ECP underwrites and closely monitors the carbon allowance markets that we invest in, reviewing all activity within them and the potential impact for consideration to our strategy. Recently, we have seen a rise of systematic trading strategies (via Commodity Trading Advisors, or CTAs) interacting with these markets and their subsequent effects. Since their impact is always considered as part of our underwriting and monitoring of each market, this article focuses on CTAs and their activity within carbon markets. While CTAs are a driver of price and trading volume within environmental commodities markets, it is our view that discretionary traders can outperform systematic strategies given the skill and experience required to navigate policy-driven markets like carbon, and CTA activity will likely remain concentrated across a couple of more liquid markets.
CTAs – An Overview
Description: Quantitative trading is a broad category of “systematic” approaches to identifying trade signals from patterns in historical price and non-price datasets that influence a market’s evolution.

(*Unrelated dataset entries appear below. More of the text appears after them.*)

(* The sign of the sine separates (-pi, 0) from [0, pi]; on each, the cosine is injective. *)
Lemma expi_inj (a b : R) :
  - pi < a <= pi -> - pi < b <= pi -> expi a = expi b -> a = b.
Proof.
move=> /andP[Ha1 Ha2] /andP[Hb1 Hb2] [Hc Hs].
have cos_inj0 (x y : R) : 0 <= x <= pi -> 0 <= y <= pi -> cos x = cos y -> x = y.
  by move=> Hx Hy; apply: cos_inj; rewrite in_itv.
have sin_lt0 (x : R) : - pi < x < 0 -> sin x < 0.
  move=> /andP[H1 H2]; rewrite -oppr_gt0 -sinN sin_gt0_pi //.
  by rewrite oppr_gt0 H2 /= ltrNl.
have sin_ge0 (x : R) : 0 <= x <= pi -> 0 <= sin x by move=> H; apply: sin_ge0_pi.
case: (leP 0 a) => Ha; case: (leP 0 b) => Hb.
- by apply: cos_inj0; rewrite ?Ha ?Ha2 ?Hb ?Hb2.
- have := sin_lt0 b; rewrite Hb Hb1 -Hs => /(_ isT).
  by have := sin_ge0 a; rewrite Ha Ha2 => /(_ isT) /le_lt_trans H /H; rewrite ltxx.
- have := sin_lt0 a; rewrite Ha Ha1 Hs => /(_ isT).
  by have := sin_ge0 b; rewrite Hb Hb2 => /(_ isT) /le_lt_trans H /H; rewrite ltxx.
- apply/eqP; rewrite -eqr_opp; apply/eqP; apply: cos_inj0; last by rewrite !cosN.
  + by rewrite oppr_ge0 ltW //= lerNl ltW.
  + by rewrite oppr_ge0 ltW //= lerNl ltW.
Qed.

Lemma cdist0r (a : R) : `|a| <= pi -> cdist 0 a = `|a|.
Proof. by move=> H; rewrite /cdist sub0r normrN min_l //; lra. Qed.

End Phases.

Section UnitaryEigenvectors.
Variables (R : realType) (n : nat) (U : 'M[R[i]]_n).
Hypothesis U_unitary : adjoint U *m U = 1%:M.

Lemma eigenvector_orthogonal (u v : 'cV[R[i]]_n) (l m : R[i]) :
  U *m u = l *: u -> U *m v = m *: v ->
  Num.conj l * l = 1 -> l != m -> dotv u v = 0.
Proof.
move=> Hu Hv Hl Hlm.
have E : dotv u v = Num.conj l * m * dotv u v.
  by rewrite -{1}(dotv_unitary u v U_unitary) Hu Hv dotvZl dotvZr mulrA.
have : (1 - Num.conj l * m) * dotv u v = 0 by rewrite mulrBl mul1r -E subrr.
move/eqP; rewrite mulf_eq0 => /orP[]; last by move/eqP.
rewrite subr_eq0 => /eqP H1; exfalso; move/eqP: Hlm; apply.
by rewrite -[l]mulr1 H1 mulrA (mulrC l) Hl mul1r.
Qed.

Lemma sqnorm_mul_eigen_sum (I : finType) (F : I -> 'cV[R[i]]_n) (ang : I -> R)
    (M : 'M[R[i]]_n) :
  M *m U = U *m M ->
  (forall i, - pi < ang i <= pi) -> injective ang ->
  (forall i, U *m F i = expi (ang i) *: F i) ->
  sqnorm (M *m \sum_i F i) = \sum_i sqnorm (M *m F i).
Proof.
move=> HM ang_range ang_inj HF; rewrite mulmx_sumr; apply: sqnorm_sum_orthogonal.
move=> i j ij; apply: (eigenvector_orthogonal (l := expi (ang i)) (m := expi (ang j))).
- by rewrite mulmxA -HM -mulmxA HF scalemxAr.
- by rewrite mulmxA -HM -mulmxA HF scalemxAr.
- exact: conj_expi_mul.
- apply/eqP => /(expi_inj (ang_range i) (ang_range j)) /ang_inj /eqP.
  exact/negP.
Qed.

End UnitaryEigenvectors.

Definition ffun_cons (T : Type) k (x : T) (s : {ffun 'I_k -> T}) : {ffun 'I_k.+1 -> T} :=
  [ffun i => if unlift ord0 i is Some j then s j else x].
Arguments ffun_cons {T k}.

Lemma ffun_cons0 T k x (s : {ffun 'I_k -> T}) : ffun_cons x s ord0 = x.
Proof. by rewrite ffunE unlift_none. Qed.

Lemma ffun_consS T k x (s : {ffun 'I_k -> T}) j : ffun_cons x s (lift ord0 j) = s j.
Proof. by rewrite ffunE liftK. Qed.

Lemma big_ffun_cons (V : zmodType) (T : finType) k (F : {ffun 'I_k.+1 -> T} -> V) :
  \sum_s F s = \sum_(x : T) \sum_(s : {ffun 'I_k -> T}) F (ffun_cons x s).
Proof.
rewrite pair_big /= (reindex (fun p : T * {ffun 'I_k -> T} => ffun_cons p.1 p.2)) //=.
exists (fun s : {ffun 'I_k.+1 -> T} => (s ord0, [ffun j => s (lift ord0 j)])).
  move=> [x s] _ /=; rewrite ffun_cons0; congr (_, _); apply/ffunP => j.
  by rewrite ffunE ffun_consS.
move=> s _; apply/ffunP => i; rewrite ffunE /=.
by case: unliftP => [j|] ->; rewrite ?ffunE.
Qed.

Lemma ler_sum_subpred (R : numDomainType) (I : finType) (P Q : pred I) (F : I -> R) :
  (forall i, 0 <= F i) -> (forall i, P i -> Q i) ->
  \sum_(i | P i) F i <= \sum_(i | Q i) F i.
Proof.
move=> F_ge0 PQ; rewrite [X in X <= _]big_mkcond [X in _ <= X]big_mkcond.
apply: ler_sum => i _; case: (boolP (P i)) => Pi; first by rewrite (PQ _ Pi).
by case: (Q i).
Qed.

Lemma inv3_expr_le (R : realType) (eps : R) (k : nat) :
  0 < eps -> ln (1 / eps) / ln 3 <= k%:R -> (1 / 3) ^+ k <= eps.
Proof.
move=> eps_gt0 Hk.
have ln3_gt0 : 0 < ln (3 : R) by apply: ln_gt0; rewrite ltr1n.
rewrite ler_pdivrMr // mulr_natl -lnXn // in Hk.
rewrite ler_ln ?posrE ?exprn_gt0 ?divr_gt0 // in Hk.
rewrite expr_div_n expr1n div1r -[eps]invrK -[X in _ <= X^-1]div1r.
by rewrite lef_pV2 ?posrE ?exprn_gt0 ?divr_gt0.
Qed.

Section Detect.
Variables (R : realType) (n K : nat) (U : 'M[R[i]]_n) (A : 'I_K -> 'M[R[i]]_n)
  (est : 'I_K -> R).
Hypothesis U_unitary : adjoint U *m U = 1%:M.
Hypothesis A_complete : \sum_(x < K) adjoint (A x) *m A x = 1%:M.
Hypothesis A_commute : forall x, A x *m U = U *m A x.

Definition reject_prob k (v : 'cV[R[i]]_n) : R :=
  \sum_(s : {ffun 'I_k -> 'I_K} | [forall t, est (s t) == 0])
     sqnorm (kraus_seq A s *m v).

Lemma kraus_seq_cons k x (s : {ffun 'I_k -> 'I_K}) :
  kraus_seq A (ffun_cons x s) = kraus_seq A s *m A x.
Proof.
rewrite /kraus_seq big_ord_recr /= mulmxE.
have -> : rev_ord (@ord_max k) = ord0 by apply: val_inj => /=; rewrite subnn.
rewrite ffun_cons0; congr (_ * _); apply: eq_bigr => t _.
have -> : rev_ord (widen_ord (leqnSn k) t) = lift ord0 (rev_ord t).
  by apply: val_inj => /=; rewrite /bump /= add1n subSS subnSK.
by rewrite ffun_consS.
Qed.

Lemma kraus_seq_commute k (s : {ffun 'I_k -> 'I_K}) :
  kraus_seq A s *m U = U *m kraus_seq A s.
Proof.
apply: (big_ind (fun M : 'M_n => M *m U = U *m M)) => [|M N HM HN|t _].
- by rewrite mul1mx mulmx1.
- by rewrite -mulmxE -mulmxA HN mulmxA HM mulmxA.
- exact: A_commute.
Qed.

Lemma sum_sqnorm_kraus (v : 'cV[R[i]]_n) : \sum_x sqnorm (A x *m v) = sqnorm v.
Proof.
suff: (\sum_x sqnorm (A x *m v))%:C = (sqnorm v)%:C :> R[i] by move/complexI.
rewrite rmorph_sum /= sqnorm_dotv dotvE.
under eq_bigr => x _ do
  rewrite sqnorm_dotv dotvE adjoint_mul -mulmxA (mulmxA (adjoint (A x))).
by rewrite -summxE -mulmx_sumr -mulmx_suml A_complete mul1mx.
Qed.

Lemma sum_sqnorm_kraus_seq k (v : 'cV[R[i]]_n) :
  \sum_(s : {ffun 'I_k -> 'I_K}) sqnorm (kraus_seq A s *m v) = sqnorm v.
Proof.
elim: k v => [|k IHk] v.
  under eq_bigr => s _ do rewrite /kraus_seq big_ord0 mul1mx.
  by rewrite sumr_const card_ffun (card_ord 0) expn0.
rewrite big_ffun_cons -(sum_sqnorm_kraus v); apply: eq_bigr => x _.
rewrite -(IHk (A x *m v)); apply: eq_bigr => s _.
by rewrite kraus_seq_cons mulmxA.
Qed.

Lemma detect_accept_probE k (v : 'cV[R[i]]_n) :
  detect_accept_prob k A est v = sqnorm v - reject_prob k v.
Proof.
rewrite -(sum_sqnorm_kraus_seq k v) /reject_prob /detect_accept_prob.
rewrite [in RHS](bigID (fun s : {ffun 'I_k -> 'I_K} => [exists t, est (s t) != 0])) /=.
rewrite [X in _ = _ - X](eq_bigl (fun s : {ffun 'I_k -> 'I_K} =>
  ~~ [exists t, est (s t) != 0])) ?addrK // => s.
by rewrite negb_exists; apply: eq_forallb => t; rewrite negbK.
Qed.

Lemma reject_prob_ge0 k v : 0 <= reject_prob k v.
Proof. by apply: sumr_ge0 => s _; apply: sqnorm_ge0. Qed.

Lemma reject_prob_le k v : reject_prob k v <= sqnorm v.
Proof.
rewrite -(sum_sqnorm_kraus_seq k v).
by apply: ler_sum_subpred => // s; apply: sqnorm_ge0.
Qed.

Lemma reject_probS k v :
  reject_prob k.+1 v = \sum_(x | est x == 0) reject_prob k (A x *m v).
Proof.
have all_est0_cons x (s : {ffun 'I_k -> 'I_K}) :
    [forall t, est (ffun_cons x s t) == 0] = (est x == 0) && [forall t, est (s t) == 0].
  apply/forallP/andP => [H|[Hx /forallP Hs] t].
    split; first by have := H ord0; rewrite ffun_cons0.
    by apply/forallP => t; have := H (lift ord0 t); rewrite ffun_consS.
  by rewrite ffunE; case: unliftP.
rewrite /reject_prob big_mkcond [RHS]big_mkcond big_ffun_cons; apply: eq_bigr => x _.
case: (boolP (est x == 0)) => Hx; last first.
  by apply: big1 => s _; rewrite all_est0_cons (negbTE Hx).
rewrite [RHS]big_mkcond; apply: eq_bigr => s _.
by rewrite all_est0_cons Hx /= kraus_seq_cons mulmxA.
Qed.

Lemma reject_prob_eigen_sum k (I : finType) (F : I -> 'cV[R[i]]_n) (ang : I -> R) :
  (forall i, - pi < ang i <= pi) -> injective ang ->
  (forall i, U *m F i = expi (ang i) *: F i) ->
  reject_prob k (\sum_i F i) = \sum_i reject_prob k (F i).
Proof.
move=> ang_range ang_inj HF; rewrite /reject_prob [RHS]exchange_big /=.
apply: eq_bigr => s _.
exact: (sqnorm_mul_eigen_sum U_unitary (kraus_seq_commute s) ang_range ang_inj HF).
Qed.

Hypothesis est_fixed : forall v : 'cV[R[i]]_n, U *m v = v ->
  \sum_(x < K | est x != 0) sqnorm (A x *m v) = 0.

Lemma reject_prob_fixed k v : U *m v = v -> reject_prob k v = sqnorm v.
Proof.
elim: k v => [|k IHk] v Hv.
  rewrite -(sum_sqnorm_kraus_seq 0 v); apply: eq_bigl => s.
  by apply/forallP => -[].
rewrite reject_probS (eq_bigr (fun x => sqnorm (A x *m v))); last first.
  by move=> x _; apply: IHk; rewrite mulmxA -A_commute -mulmxA Hv.
rewrite -(sum_sqnorm_kraus v) [in RHS](bigID (fun x => est x != 0)) /= est_fixed //.
by rewrite add0r; apply: eq_bigl => x; rewrite negbK.
Qed.

Variable Delta : R.
Hypothesis est_precise : forall (v : 'cV[R[i]]_n) (a : R), - pi < a <= pi ->
  U *m v = expi a *: v -> sqnorm v = 1 ->
  \sum_(x < K | cdist (est x) a >= Delta) sqnorm (A x *m v) <= 1 / 3.

(* Outcome 0 is at cyclic distance |a| >= Delta from a, hence counted as an error of
   Estimate; the bound for unit vectors scales to all eigenvectors. *)
Lemma sum_sqnorm_est0_far v a :
  - pi < a <= pi -> U *m v = expi a *: v -> Delta <= `|a| ->
  \sum_(x | est x == 0) sqnorm (A x *m v) <= 1 / 3 * sqnorm v.
Proof.
move=> a_range Hv a_far.
have Delta_cdist : Delta <= cdist 0 a.
  by case/andP: a_range => ? ?; rewrite cdist0r // ler_norml ltW.
have [v0|v_gt0] := eqVneq (sqnorm v) 0.
  apply: (@le_trans _ _ (\sum_x sqnorm (A x *m v))).
    by apply: ler_sum_subpred => // x; apply: sqnorm_ge0.
  by rewrite sum_sqnorm_kraus v0 mulr0.
have {}v_gt0 : 0 < sqnorm v by rewrite lt_def v_gt0 sqnorm_ge0.
pose c := (Num.sqrt (sqnorm v))^-1.
have c2v : c ^+ 2 * sqnorm v = 1.
  by rewrite /c exprVn sqr_sqrtr ?mulVf ?gt_eqF // ltW.
have := @est_precise (c%:C *: v) a a_range.
rewrite -scalemxAr Hv !scalerA mulrC sqnormZ c2v => /(_ erefl erefl).
under eq_bigr => x _ do rewrite -scalemxAr sqnormZ.
rewrite -mulr_sumr => est_error.
have est0_scaled : c ^+ 2 * \sum_(x | est x == 0) sqnorm (A x *m v) <= 1 / 3.
  apply: le_trans est_error; rewrite ler_wpM2l ?sqr_ge0 //.
  by apply: ler_sum_subpred => [x|x /eqP ->] //; apply: sqnorm_ge0.
rewrite -[X in X <= _]mul1r -{1}c2v mulrAC.
by rewrite ler_wpM2r ?sqnorm_ge0.
Qed.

Systematic trading, most commonly performed by specialist quantitative trading firms called commodity trading advisors (“CTAs”), is generally a strictly rules-based trading approach in which trading occurs without human discretion. Most categories of CTAs and systematic traders are ultimately momentum-based trading systems, looking to identify and enter a trend in price direction and then exit the trade upon the eventual rotation of price momentum away from the trend. CTAs can also deploy a variety of non-trend systems such as mean reversion strategies (for range-bound market regimes), “trend crowding” using non-price data such as weekly Commitment of Trader aggregate trader positioning data, or other “quantamental” strategies.
Signal Types: Price and volume data are the primary inputs to trend following price prediction models. Most trend followers will focus on time-series analysis returns of single instruments, but another approach looks at cross-sectional analysis of different instruments to look for predictive relationships based on correlations. Other CTA models may incorporate concepts like carry, seasonality, mean reverting or pattern recognition systems. Some niche CTAs also trade very short-term signals driven by market microstructure anomalies and patterns.
Performance: CTAs have historically performed well in volatile or crisis periods, and in markets with low correlations between asset classes. Long-term trending markets or extended periods of low volatility have not been as favorable to CTA performance. CTAs struggle in choppy or range-bound markets and can be impacted by sudden market reversals or shifts in macroeconomic conditions.
CTAs & Carbon Markets
In carbon markets, CTAs are most visible in the European Union Emissions Trading Scheme (“EUA” or “EU ETS”) market, where estimates are that more than half of daily trading is related either to speculative CTAs or to algorithmic execution of EUA procurement programs for utilities. High volatility in the EUA market has attracted CTAs to trade EUAs alongside natural gas and other components of the EU energy complex. As a result, the EUA market has exhibited increasing trend behavior in recent years, especially when systematic trading activity has coincided around major option strike levels exacerbating dealer hedging, or during extended pauses in the daily EUA auctions when the market is less liquid. The chart below illustrates estimated CTA “flipping levels” based on EUA prices where systems are anticipated to reverse positioning, leading to large directional flows of trading that can exacerbate trending price action.
Illustrative long/short CTA trading levels by EUA price
Systematic trading has become established in EUAs in part because of the ease of trading access and concentration of liquidity in a single contract, namely the front-December futures contract. This has enabled many CTAs/macro/energy firms to trade EUAs as a proxy for EU natural gas which has a more complex and volatile term structure. As a result, EUAs are increasingly a component of the typical mainstream “CTA basket” which holds a large number of commodities futures contracts (70-100 on average) across various equity indices, bond futures, commodity futures and currencies.
It is less common to see mainstream CTA in the other carbon markets, as they only have room for a single carbon contract in their instrument universe. Specialist CTAs that do cross-sectional analysis across a larger basket of markets (up to 500) may include carbon markets like California Carbon Allowances (CCAs) or United Kingdom Allowances (UKAs). That said, Given the comparatively illiquid profile of these markets, we generally expect any CTA systems including markets like CCAs to act over longer-range trend or momentum strategies. These frontier CTAs are fewer in nature but can still have disproportionate effects on comparatively less liquid markets like CCAs, especially if they act around option strike levels. For example, it is likely that some level of systematic trading activity contributed to exacerbated price volatility in CCA markets in March and June 2024 as very long-term momentum signals on bullish CCA price action showed signs of exhaustion (exit signal).
As CTAs do not factor in market or policy fundamentals (looking to “back-tested” trading strategies on historic price data instead), they can miss fundamental trade setups, especially those driven by policy dynamics like CCAs are exposed to now. Therefore, CTAs are inherently not a good fit to navigate trading complex, policy-driven markets like carbon. Nevertheless, it is important that ECP continues to monitor and understand how systematic trading strategies impact carbon markets as part of our own activity.